39 My colleague takes issue with this point. Her broad claim that the cooling bed cannot achieve its function without the operation of the fans merely amplifies my concerns. As with many production lines, the manufacturing process will include equipment and systems that control factors such as temperature, humidity, air, and moisture. The very nature of an assembly or production line requires separate machines or pieces of equipment to work together to achieve a single goal—whether that is turning scrap metal into structurally useful forms, curing a baked coating to “paint” a car, extruding a plastic film on a food packaging line, or assembling a car door or an entire car. That equipment controlling such factors is critical to the output or quality of a finished product does not make everything that contributes to the process one collective “machine.”
40 The preposterousness of the contention that such activities are “servicing and/or maintenance” is more apparent when considering that, while in the basement, the Action leadman merely pointed out the three remaining fans—“that one, that one, and that one”—they were going to replace. According to his testimony, “we [were] looking at the fans,” because the Action apprentice had not worked on this project previously, and so “I had to show [him] because he . . . wouldn’t know which ones to replace.”
41 Issues that are not briefed are deemed waived. See Georgia-Pacific Corp., 15 BNA OSHC 1127 (No. 89-2713, 1991). At the hearing, Action withdrew its employee misconduct defense and represented that it is not claiming “the employees did anything wrong” (Tr. 7).

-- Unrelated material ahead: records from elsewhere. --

Lemma symmetric_quot_Gamma_of :
  symmetric_quot (@mulmx K n n n) (End_mod rho) (fun f => f = 0) ->
  symmetric_quot (@GRing.mul A) (Gamma_of ann) (fun x => x \in ann).
Proof.
apply: (@symmetric_quot_anti _ _ _ _ _ _ _ _ _ rmul_mx (fun Y => ann_sec (Y *m m))).
- move=> c x y; apply: matrix_cVP => v.
  by rewrite mulmxDl -scalemxAl !rmul_mxE mulrDr -scalerAr -!rep_actE // linearP.
- exact: rmul_mx_End.
- exact: rmul_mx_onto.
- exact: rmul_mxM.
- exact: Gamma_ofM.
- exact: mulmxA.
- exact: rmul_mx_ann.
- by move=> x annx Psi0; rewrite memv_ann -rmul_mx_m // Psi0 mul0mx.
- by move=> c Y Z; rewrite mulmxDl -scalemxAl /ann_sec linearP.
- by move=> _ ->; rewrite mul0mx /ann_sec linear0 mem0v.
- by move=> x annx; apply: subr_ann; rewrite rep_ann_secK rmul_mx_m.
Qed.

End CyclicModule.

Theorem corollary5p3 (k : closedFieldType) (Lambda : falgType k)
    (n : nat) (rho : Lambda -> 'M[k]_n) :
  local_algebra Lambda ->
  is_rep rho ->
  indecomposable rho ->
  symmetric_quot (@mulmx k n n n) (End_mod rho) (fun f => f = 0) ->
  exists I : {vspace Lambda},
    [/\ left_ideal I, iso_quot rho I &
        symmetric_quot (@GRing.mul Lambda) (Gamma_of I) (fun x => x \in I)].
Proof.
move=> Lambda_local rho_rep rho_indec End_sym.
have [m m_gen] := cyclic_of_symmetric_End Lambda_local rho_rep rho_indec End_sym.
exists (ann rho m); split.
- exact: ann_left_ideal.
- exact: iso_quot_ann.
- exact: symmetric_quot_Gamma_of.
Qed.
Lemma filtered_K_avoid_list (I : Type) (K : I -> X -> Prop) (P : X -> Prop) (L : list X) :
  filtered_K open K -> (forall t, In t L -> P t -> exists i, ~ K i t) ->
  exists j, forall t, In t L -> P t -> ~ K j t.
Proof.
  intros [[i0] [_ Hfilt]]. induction L as [|t L IH]; intros Hout.
  - exists i0. intros t [].
  - destruct IH as [j Hj]; [intros s Ls; apply Hout; right; exact Ls|].
    destruct (classic (P t)) as [Pt|Pt].
    + destruct (Hout t (or_introl eq_refl) Pt) as [i Hi].
      destruct (Hfilt i j) as [k Hk]. exists k.
      intros s [<-|Ls] Ps Ks; apply Hk in Ks as [Ki Kj]; [exact (Hi Ki)|exact (Hj s Ls Ps Kj)].
    + exists j. intros s [<-|Ls] Ps; [contradiction|exact (Hj s Ls Ps)].
Qed.

Lemma filtered_K_meet_inside {I : Type} {K : I -> X -> Prop} {G U : X -> Prop} {L : list X} :
  filtered_K open K ->
  (forall y, G y -> ~ U y -> exists t, In t L /\ G t /\ ~ U t /\ spec open y t) ->
  (forall y, (forall i, K i y) -> G y -> U y) ->
  exists i, forall y, K i y -> G y -> U y.
Proof.
  intros HK Hdom Hmeet.
  destruct (filtered_K_avoid_list I K (fun t => G t /\ ~ U t) L HK) as [j Hj].
  { intros t _ [Gt Ut]. apply NNPP; intro Hall. apply Ut, Hmeet; [|exact Gt].
    intros i. apply NNPP; intro Ki. apply Hall; eauto. }
  exists j. intros y Ky Gy. apply NNPP; intro Uy.
  destruct (Hdom y Gy Uy) as [t [Lt [Gt [Ut Hyt]]]].
  destruct HK as [_ [HKi _]]. destruct (HKi j) as [_ [_ Hsat]].
  apply (Hj t Lt (conj Gt Ut)), Hsat. exists y; auto.
Qed.

Lemma strong_d_space_of_strongly_well_filtered :
  strongly_well_filtered open -> strong_d_space open.
Proof.
  intros Hswf D [[d0 Dd0] Hdir] x U HU Hmeet.
  assert (HK : filtered_K open (fun d : {d | D d} => up1 open (proj1_sig d))).
  { split; [constructor; exists d0; exact Dd0|split].
    - intros [d Dd]. apply up1_inK.
    - intros [d Dd] [e De]. destruct (Hdir d e Dd De) as [f [Df [Hdf Hef]]].
      exists (exist _ f Df). intros y Hfy. split; eapply spec_trans; eauto. }
  destruct (Hswf _ _ HK (up1 open x) (up1_inK x) U HU) as [[d Dd] Hd].
  - intros y Hy Hxy. apply Hmeet; [|exact Hxy]. intros d Dd. exact (Hy (exist _ d Dd)).
  - exists d. split; [exact Dd|exact Hd].
Qed.
End Spaces.

Lemma Nw_le_refl n : Nw_le n n.
Proof. destruct n; simpl; auto. Qed.

Lemma Nw_le_trans {a b c} : Nw_le a b -> Nw_le b c -> Nw_le a c.
Proof. destruct a, b, c; simpl; intros; auto; try lia; contradiction. Qed.

Lemma J_le_refl x : J_le x x.
Proof. destruct x; left; split; [reflexivity|apply Nw_le_refl]. Qed.

Lemma J_le_trans {x y z} : J_le x y -> J_le y z -> J_le x z.
Proof.
  destruct x as [j k], y as [m n], z as [p q]; simpl.
  intros [[<- H1]|[-> H1]] [[<- H2]|[H0 H2]]; subst.
  - left; split; [reflexivity|eapply Nw_le_trans; eauto].
  - right; split; [reflexivity|eapply Nw_le_trans; eauto].
  - destruct q; simpl in H2; [contradiction|right; split; auto].
  - simpl in H2; contradiction.
Qed.

Lemma J_le_antisym x y : J_le x y -> J_le y x -> x = y.
Proof.
  destruct x as [j [k|]], y as [m [n|]]; simpl;
  intros [[H0 H1]|[H0 H1]] [[H2 H3]|[H2 H3]]; subst; simpl in *;
  try contradiction; try discriminate; try (f_equal; f_equal; lia); auto.
Qed.

Lemma J_top_max {m z} : J_le (m, None) z -> z = (m, None).
Proof.
  destruct z as [p [q|]]; simpl; intros [[-> H]|[H0 H]]; simpl in H;
  try contradiction; try discriminate; reflexivity.
Qed.

Lemma J_le_finite {x p q} : J_le x (p, Some q) -> exists k, x = (p, Some k) /\ k <= q.
Proof.
  destruct x as [j [k|]]; simpl; intros [[-> H]|[H _]]; simpl in H;
  try contradiction; try discriminate; eauto.
Qed.

Definition column (c : nat) (x : J) : Prop := exists k, x = (c, Some k).

Lemma column_directed c : directed J_le (column c).
Proof.
  split; [exists (c, Some 0), 0; reflexivity|].
  intros x y [a ->] [b ->]. exists (c, Some (max a b)).
  split; [exists (max a b); reflexivity|split; left; split; simpl; auto; lia].
Qed.

Lemma column_sup {D : J -> Prop} {c} :
  (forall x, D x -> column c x) -> (forall K, exists k, K <= k /\ D (c, Some k)) ->
  is_sup J_le D (c, None).
Proof.
  intros Hcol Hcof. split.
  - intros x Dx. destruct (Hcol x Dx) as [k ->]. left. split; [reflexivity|exact I].
  - intros [p [q|]] Hub.
    + destruct (Hcof (S q)) as [k [Hk Dk]].
      destruct (J_le_finite (Hub _ Dk)) as [k' [Heq Hk']]. injection Heq as _ <-. lia.
    + destruct (Hcof (S p)) as [k [Hk Dk]].
      destruct (Hub _ Dk) as [[-> _]|[_ Hkp]]; [apply J_le_refl|simpl in Hkp; lia].
Qed.

Lemma column_is_sup c : is_sup J_le (column c) (c, None).
Proof. apply column_sup; [auto|]. intros K. exists K. split; [lia|exists K; reflexivity]. Qed.

(* A directed set without a greatest element cannot meet the top row (whose
   points are maximal), so it is an unbounded subset of a single column. *)
Lemma directed_J_cases {D : J -> Prop} : directed J_le D ->
  (exists d, D d /\ forall x, D x -> J_le x d) \/
  (exists c, (forall x, D x -> column c x) /\ forall K, exists k, K <= k /\ D (c, Some k)).
Proof.
  intros [[d0 Dd0] Hdir].
  destruct (classic (exists d, D d /\ forall x, D x -> J_le x d)) as [Hgr|Hnone];
    [left; exact Hgr|right].
  assert (Hfin : forall x, D x -> exists m k, x = (m, Some k)).
  { intros [m [k|]] Dx; eauto. exfalso. apply Hnone. exists (m, None). split; [exact Dx|].
    intros x Dx'. destruct (Hdir x (m, None) Dx' Dx) as [z [_ [Hxz Hmz]]].
    rewrite (J_top_max Hmz) in Hxz. exact Hxz. }
  destruct (Hfin d0 Dd0) as [c [k0 ->]].
  assert (Hcol : forall x, D x -> column c x).
  { intros x Dx. destruct (Hdir x (c, Some k0) Dx Dd0) as [z [Dz [Hxz Hcz]]].
    destruct (Hfin z Dz) as [p [q ->]].
    destruct (J_le_finite Hcz) as [? [Heq _]]. injection Heq as <- _.
    destruct (J_le_finite Hxz) as [k' [-> _]]. exists k'; reflexivity. }
  assert (Hincr : forall k, D (c, Some k) -> exists k', k < k' /\ D (c, Some k')).
  { intros k Dk. apply NNPP; intro Hno. apply Hnone. exists (c, Some k). split; [exact Dk|].
    intros x Dx. destruct (Hcol x Dx) as [k' ->]. left. split; [reflexivity|simpl].
    destruct (le_lt_dec k' k) as [Hle|Hlt]; [exact Hle|exfalso; eauto]. }
  exists c. split; [exact Hcol|].
  intros K. induction K as [|K [k [HKk Dk]]]; [exists k0; split; [lia|exact Dd0]|].
  destruct (Hincr k Dk) as [k' [Hkk' Dk']]. exists k'. split; [lia|exact Dk'].
Qed.

Lemma J_dcpo : is_dcpo J_le.
Proof.
  split; [split; [exact J_le_refl|split; [exact J_le_antisym|exact @J_le_trans]]|].
  intros D HD. destruct (directed_J_cases HD) as [[d [Dd Hd]]|[c [Hcol Hcof]]].
  - exists d. apply is_sup_greatest; assumption.
  - exists (c, None). apply column_sup; assumption.
Qed.
(* Let $\mathcal{X}$ and $\mathcal{Y}$ be arbitrary finite alphabets with $|\mathcal{X}|\geq 2$ and $|\mathcal{Y}|\geq 2$. Let $\mathcal{M}(\mathcal{X},\mathcal{Y})$ be the set of all functions $F_{\mathrm{opt}}$ which take as input a computable source distribution $P_X\in\mathcal{P}_{\mathrm{c}}(\mathcal{X})$, a computable distortion measure $d:\mathcal{X}\times\mathcal{Y}\to\mathbb{R}_{\geq0,\mathrm{c}}$ and a computable distortion level $D\in\mathbb{R}_{\mathrm{c}}$, and output some optimal test channel $P^{*}_{Y|X}\in\mathcal{P}_{\mathrm{opt}}(d,D,P_X)$. Then, provided the source probability $P_X$ is non-trivial, there exists no function $F_{\mathrm{opt}}\in\mathcal{M}(\mathcal{X},\mathcal{Y})$ that is Banach–Mazur computable (and hence none that is Turing computable).
   Context: A real number $x$ is computable if there are recursive functions producing a sequence of rationals $r_k$ and a recursive modulus $e$ with $|x-r_k|\leq 2^{-N}$ for all $k\geq e(N)$; $\mathbb{R}_{\mathrm{c}}$ denotes the computable reals, and a sequence of reals (or of finite tuples/matrices of reals) is computable if the approximating rationals and modulus can be given uniformly by recursive functions of the index. $\mathcal{P}_{\mathrm{c}}(\mathcal{X})$ denotes the probability distributions on $\mathcal{X}$ with computable entries, and $\mathbb{R}_{\geq0,\mathrm{c}}$ the non-negative computable reals. A distortion measure is a function $d:\mathcal{X}\times\mathcal{Y}\to\mathbb{R}_{\geq 0}$. For a source distribution $P_X$, distortion measure $d$ and level $D$, the rate distortion function is $R(D)=\inf\{I(X;Y): P_{Y|X},\ \sum_{x,y}P_X(x)P_{Y|X}(y|x)d(x,y)\leq D\}$, the infimum over all transition probability matrices (test channels) $P_{Y|X}$, with $I(X;Y)$ the mutual information of the joint distribution $P_X P_{Y|X}$; $\mathcal{P}_{\mathrm{opt}}(d,D,P_X)$ is the set of test channels attaining this minimum. A function $F$ defined on tuples of computable reals (here $(P_X,d,D)$) with values in tuples of reals (here transition matrices) is Banach–Mazur computable if it maps every computable sequence of inputs to a computable sequence of outputs. *)

(* classical reals R, finite alphabets X = {0..m-1}, Y = {0..n-1}. *)
From Stdlib Require Import Reals List Arith.
Import ListNotations.
Open Scope R_scope.

Inductive code : Type :=
| Zero : code
| Succ : code
| Proj : nat -> code
| Comp : code -> list code -> code
| Prec : code -> code -> code
| Mu   : code -> code.

Inductive eval : code -> list nat -> nat -> Prop :=
| eZero v : eval Zero v 0
| eSucc x v : eval Succ (x :: v) (S x)
| eProj i v : (i < length v)%nat -> eval (Proj i) v (nth i v 0%nat)
| eComp f gs v ws y : evals gs v ws -> eval f ws y -> eval (Comp f gs) v y
| ePrec0 f g v y : eval f v y -> eval (Prec f g) (0%nat :: v) y
| ePrecS f g k v r y :
    eval (Prec f g) (k :: v) r -> eval g (k :: r :: v) y ->
    eval (Prec f g) (S k :: v) y
| eMu f v k :
    eval f (k :: v) 0%nat ->
    (forall l, (l < k)%nat -> exists z, eval f (l :: v) (S z)) ->
    eval (Mu f) v k
with evals : list code -> list nat -> list nat -> Prop :=
| esNil v : evals [] v []
| esCons g gs v y ys : eval g v y -> evals gs v ys -> evals (g :: gs) v (y :: ys).

Definition recursive (k : nat) (f : list nat -> nat) : Prop :=
  exists c : code, forall v, length v = k -> eval c v (f v).

Definition qof (s a b : nat) : R :=
  (if Nat.even s then 1 else -1) * INR a / INR (S b).

Definition comp_family (k : nat) (dom : list nat -> Prop) (x : list nat -> R) : Prop :=
  exists s a b e : list nat -> nat,
    recursive (S k) s /\ recursive (S k) a /\ recursive (S k) b /\
    recursive (S k) e /\
    forall v, length v = k -> dom v ->
      forall (N j : nat), (e (v ++ [N]) <= j)%nat ->
        Rabs (x v - qof (s (v ++ [j])) (a (v ++ [j])) (b (v ++ [j]))) <= (/2) ^ N.
Lemma m2_gd_antidiag b c w v : gd (bmul b c) w -> gd (bmul c b) v ->
  is_gd (mkM2 bzero b c bzero) (mkM2 bzero (bmul b v) (bmul c w) bzero).
Proof.
  intros Hw Hv. pose proof Hw as [_ [Hw2 _]]. pose proof Hv as [_ [Hv2 _]].
  destruct (gd_mul_swap (cbalg A) b c w v Hw Hv) as [Hbvc Hcwb].
  set (Q := mkM2 bzero b c bzero). set (Qd := mkM2 bzero (bmul b v) (bmul c w) bzero).
  assert (Hcomm : (Qd * Q = Q * Qd)%A).
  { unfold Q, Qd; m2_cbn. f_equal; try nring.
    - transitivity (b * v * c)%A. nring. rewrite Hbvc. nring.
    - transitivity (c * w * b)%A. nring. rewrite Hcwb. nring. }
  assert (HQd : Qd = (Qd * Q * Qd)%A).
  { unfold Q, Qd; m2_cbn. f_equal; try nring.
    - transitivity (bmul b (bmul (bmul v (bmul c b)) v)). rewrite <- Hv2; reflexivity. nring.
    - transitivity (bmul c (bmul (bmul w (bmul b c)) w)). rewrite <- Hw2; reflexivity. nring. }
  split; [exact Hcomm | split; [exact HQd|]].
  replace (Q - Q * Q * Qd)%A with (Q * nspi Q Qd)%A by (unfold nspi; nring).
  apply quasinilpotent_of_sq. rewrite sq_mul_spi by assumption.
  replace (Q * Q * nspi Q Qd)%A
    with (mkM2 (b * c * nspi (b * c) w)%A bzero bzero (c * b * nspi (c * b) v)%A)
    by (unfold nspi; m2_cbn; f_equal; nring).
  apply m2_diag_quasinilpotent; apply gd_quasinilpotent_spi; assumption.
Qed.

Lemma m2_twisted (lam : cplx) a b c d ad dd w v :
  bmul a b = bscal lam (bmul (bmul (bmul (spi a ad) b) d) (spi (bmul c b) v)) ->
  bmul d c = bscal lam (bmul (bmul (bmul (spi d dd) c) a) (spi (bmul b c) w)) ->
  let P := mkM2 a bzero bzero d in
  let Q := mkM2 bzero b c bzero in
  let Pd := mkM2 ad bzero bzero dd in
  let Qd := mkM2 bzero (bmul b v) (bmul c w) bzero in
  (P * Q = lam *: (nspi P Pd * Q * P * nspi Q Qd))%A.
Proof.
  intros H1 H2 P Q Pd Qd. unfold nspi; m2_cbn. f_equal.
  - transitivity (@bzero A). nring.
    transitivity (bscal lam (@bzero A)). symmetry; exact (nscal0 (cbalg A) lam). f_equal; nring.
  - transitivity (bmul a b). nring. rewrite H1. f_equal. unfold spi, bsub. nring.
  - transitivity (bmul d c). nring. rewrite H2. f_equal. unfold spi, bsub. nring.
  - transitivity (@bzero A). nring.
    transitivity (bscal lam (@bzero A)). symmetry; exact (nscal0 (cbalg A) lam). f_equal; nring.
Qed.

Lemma m2_drazin_blocks a b c d ad dd w v :
  let P := mkM2 a bzero bzero d in
  let Q := mkM2 bzero b c bzero in
  let Pd := mkM2 ad bzero bzero dd in
  let Qd := mkM2 bzero (bmul b v) (bmul c w) bzero in
  mkM2 (bmul (spi (bmul b c) w) ad) (bmul (bmul b v) (spi d dd))
       (bmul (bmul c w) (spi a ad)) (bmul (spi (bmul c b) v) dd)
  = (nspi Q Qd * Pd + Qd * nspi P Pd)%A.
Proof. intros P Q Pd Qd. unfold nspi, spi, bsub; m2_cbn. f_equal; nring. Qed.

End MatrixLemmas.

Theorem theorem3p3 (A : CBanachAlg) (lam : cplx) (Hlam : lam <> c0)
  (a b c d : A) (ad dd bcd cbd : A)
  (Ha : gd a ad) (Hd : gd d dd)
  (Hbc : gd (bmul b c) bcd) (Hcb : gd (bmul c b) cbd)
  (H1 : bmul a b =
        bscal lam (bmul (bmul (bmul (spi a ad) b) d) (spi (bmul c b) cbd)))
  (H2 : bmul d c =
        bscal lam (bmul (bmul (bmul (spi d dd) c) a) (spi (bmul b c) bcd))) :
  let M := mkM2 a b c d in
  let P := mkM2 a bzero bzero d in
  let Q := mkM2 bzero b c bzero in
  let Pd := mkM2 ad bzero bzero dd in
  let Qd := mkM2 bzero (bmul b cbd) (bmul c bcd) bzero in
  let Ppi := m2sub m2one (m2mul P Pd) in
  let Qpi := m2sub m2one (m2mul Q Qd) in
  let E := mkM2 (bmul (spi (bmul b c) bcd) ad) (bmul (bmul b cbd) (spi d dd))
                (bmul (bmul c bcd) (spi a ad)) (bmul (spi (bmul c b) cbd) dd) in
  exists (S1 S2 S3 S4 : M2 A) (T : nat -> M2 A),
    m2series (fun n => m2mul (m2mul (m2mul (m2pow Qd (n + 2)) P) (m2pow M n)) Ppi) S1 /\
    m2series (fun n => m2mul (m2mul (m2pow M n) Q) (m2pow Pd (n + 2))) S2 /\
    (forall n, m2series (fun k => m2mul (m2mul (m2mul (m2mul (m2pow Qd (k + 1)) P)
                                   (m2pow M (n + k))) Q) (m2pow Pd (n + 2))) (T n)) /\
    m2series T S3 /\
    m2series (fun n => m2mul (m2mul (m2mul (m2mul (m2pow Qd (n + 2)) P) (m2pow M n)) Q) Pd) S4 /\
    m2gd M (m2sub (m2sub (m2add (m2add E S1) (m2mul Qpi S2)) S3) S4).
Proof.
  intros M P Q Pd Qd Ppi Qpi E.
  pose proof (m2_gd_diag A a ad d dd Ha Hd) as HP.
  pose proof (m2_gd_antidiag A b c bcd cbd Hbc Hcb) as HQ.
  assert (Htw : (P * Q = lam *: (nspi P Pd * Q * P * nspi Q Qd))%A)
    by exact (m2_twisted A lam a b c d ad dd bcd cbd H1 H2).
  pose proof (twisted_QdP _ P Pd Q Qd lam Hlam HP HQ Htw) as HQdP.
  pose proof (twisted_QPd _ P Pd Q Qd lam Hlam HP HQ Htw) as HQPd.
  exists (m2zero A), (m2zero A), (m2zero A), (m2zero A), (fun _ => m2zero A).
  split; [|split; [|split; [|split; [|split]]]]; try apply m2series_of_zero.
  - intros n. rewrite (m2pow_mul_eq0l A Qd P) by (lia || exact HQdP). rewrite !m2mul0l. reflexivity.
  - intros n. rewrite <- m2mulA, (m2pow_mul_eq0r A Pd Q) by (lia || exact HQPd).
    apply m2mul0r.
  - intros n. apply m2series_of_zero. intros k.
    rewrite (m2pow_mul_eq0l A Qd P) by (lia || exact HQdP). rewrite !m2mul0l. reflexivity.
  - intros k. reflexivity.
  - intros n. rewrite (m2pow_mul_eq0l A Qd P) by (lia || exact HQdP). rewrite !m2mul0l. reflexivity.
  - assert (HM : M = (P + Q)%A) by (unfold M, P, Q; cbn; unfold m2add; cbn; f_equal; nring).
    assert (Hd_sum : m2sub (m2sub (m2add (m2add E (m2zero A)) (m2mul Qpi (m2zero A))) (m2zero A))
                           (m2zero A) = (Pd + Qd)%A).
    { rewrite m2mul0r. transitivity E. { change (E + n0 + n0 - n0 - n0 = E)%A. nring. }
      unfold E. rewrite (m2_drazin_blocks A a b c d ad dd bcd cbd).
      exact (twisted_drazin_split _ P Pd Q Qd lam Hlam HP HQ Htw). }
    rewrite Hd_sum, HM. exact (twisted_gd_add _ P Pd Q Qd lam Hlam HP HQ Htw).
Qed.
Section Minimizer.
Variables (R : realType) (n : nat) (A : 'M[R]_n).
Hypotheses (sA : A^T = A) (diagA : forall i, A i i = 0) (A0 : A != 0).
Local Notation s := (spectrum A).
Local Notation w := (eigweight A).
Local Notation in_range x := ((lambda_min A)^-1 <= x <= (lambda_max A)^-1).

Lemma spectrum_bounds l : l \in s -> lambda_min A <= l <= lambda_max A.
Proof.
apply: sorted_head_le_last; have : sorted <%R s by exact: sorted_roots.
by rewrite lt_sorted_uniq_le => /andP [].
Qed.

Lemma lambda_min_lt0 : lambda_min A < 0.
Proof.
have /hasP [l ls l_lt0] := spectrum_has_neg sA diagA A0.
by case/andP: (spectrum_bounds ls) => /le_lt_trans/(_ l_lt0).
Qed.

Lemma lambda_max_gt0 : 0 < lambda_max A.
Proof.
have /hasP [l ls l_gt0] := spectrum_has_pos sA diagA A0.
by case/andP: (spectrum_bounds ls) => _; apply: lt_le_trans.
Qed.

Lemma lambda_min_mem : lambda_min A \in s.
Proof.
move: (spectrum_has_neg sA diagA A0); rewrite /lambda_min.
by case: (spectrum A) => //= l r _; rewrite mem_head.
Qed.

Lemma lambda_max_mem : lambda_max A \in s.
Proof.
move: (spectrum_has_pos sA diagA A0); rewrite /lambda_max.
by case/lastP: (spectrum A) => // r l _; rewrite last_rcons mem_rcons mem_head.
Qed.

Lemma range_den_ge0 x l : in_range x -> l \in s -> 0 <= 1 - l * x.
Proof.
by move=> xI ls; apply: one_sub_mul_ge0 lambda_min_lt0 lambda_max_gt0 (spectrum_bounds ls) xI.
Qed.

Variable x0 : R.
Hypothesis x0_range : in_range x0.
Hypothesis x0_min : forall x, in_range x -> (WA A x0 <= WA A x)%E.

Lemma minimizer_den_gt0 l : l \in s -> w l != 0 -> 0 < 1 - l * x0.
Proof.
have : WA A x0 != +oo%E.
  have : in_range 0 by rewrite !ltW ?invr_lt0 ?invr_gt0 ?lambda_min_lt0 ?lambda_max_gt0.
  move/x0_min; rewrite (@WA_real _ _ _ 0) => [|k _ _]; last by rewrite mulr0 subr0 oner_neq0.
  by apply: contraTneq => ->; rewrite leye_eq.
move=> /WA_no_pole no_pole ls wl.
by rewrite lt_def range_den_ge0 // andbT no_pole.
Qed.

Lemma minimizer_stationary :
  let D := \sum_(l <- s) w l * l / (1 - l * x0) ^+ 2 in
  D = 0 \/ (exists mu, [/\ mu \in s, mu * x0 = 1, w mu = 0 & mu * D < 0]).
Proof.
move=> D.
have f_min x : in_range x -> (forall l, l \in s -> w l != 0 -> 0 < 1 - l * x) ->
    \sum_(l <- s) w l / (1 - l * x0) <= \sum_(l <- s) w l / (1 - l * x).
  move=> xI x_pos; move: (x0_min xI); rewrite !WA_real ?lee_fin // => l ls wl.
    by rewrite lt0r_neq0 ?x_pos.
  by rewrite lt0r_neq0 ?minimizer_den_gt0.
have [D_lt0_end D_gt0_end] :=
  interval_min_endpoint (fun l _ => eigweight_ge0 sA l) minimizer_den_gt0 x0_range f_min.
have end_weight0 mu : mu \in s -> mu * x0 = 1 -> w mu = 0.
  move=> mus mux; apply/eqP; apply: contraT => /(minimizer_den_gt0 mus).
  by rewrite mux subrr ltxx.
have [D_lt0|D_gt0|] := ltgtP D 0; [right|right|by left].
- have mux : lambda_max A * x0 = 1 by rewrite (D_lt0_end D_lt0) mulfV ?lt0r_neq0 ?lambda_max_gt0.
  by exists (lambda_max A); rewrite end_weight0 ?lambda_max_mem // pmulr_rlt0 ?lambda_max_gt0.
- have mux : lambda_min A * x0 = 1 by rewrite (D_gt0_end D_gt0) mulfV ?ltr0_neq0 ?lambda_min_lt0.
  by exists (lambda_min A); rewrite end_weight0 ?lambda_min_mem // nmulr_rlt0 ?lambda_min_lt0.
Qed.

End Minimizer.

Theorem proposition7 (R : realType) (n : nat) (e : rel 'I_n) (A : 'M[R]_n) (y : R) :
  simple_graph e -> weighted_adjacency e A -> A != 0 ->
  (exists2 x0 : R, (lambda_min A)^-1 <= x0 <= (lambda_max A)^-1 & WA A x0 = WA A y) ->
  (forall x : R, (lambda_min A)^-1 <= x <= (lambda_max A)^-1 -> (WA A y <= WA A x)%E) ->
  exists u : 'cV[R]_n,
    [/\ (sqnorm u)%:E = WA A y, dotp u (A *m u) = 0 & sqnorm u = dotp (ones R n) u].
Proof.
move=> _ [sA [diagA _]] A0 [x0 x0_range <-] x0_min.
have no_pole l : l \in spectrum A -> eigweight A l != 0 -> 1 - l * x0 != 0.
  by move=> ls wl; rewrite lt0r_neq0 // (minimizer_den_gt0 sA diagA A0 x0_range x0_min).
rewrite WA_real //.
have [D0|[mu [mus mux wmu muD]]] := minimizer_stationary sA diagA A0 x0_range x0_min.
- have [u [uF uA u1]] := witness_interior sA no_pole D0.
  by exists u; rewrite -uF; split.
- have [u [uF uA u1]] := witness_endpoint sA no_pole mus mux wmu muD.
  by exists u; rewrite -uF; split.
Qed.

42 “An affected employee becomes an authorized employee when the employees’ duties include performing servicing or maintenance covered under this section.” 29 C.F.R. § 1910.147(b) definition of authorized employee.
43 The steel mill written procedure showing the lockout of the fans was rejected at the hearing because it could not be authenticated. The date of the document was after the accident and the technician could not remember seeing or using the document (Exh. C-21B; Tr. 277, 327).
44 The Review Commissioners disagreed on the appropriate disposition of the case and vacated the direction for review, allowing the ALJ decision to become a final order with no precedential value as an un-reviewed ALJ decision. Timken Co., 20 BNA OSHC 1070, 1072 (No. 97-0970, 2003).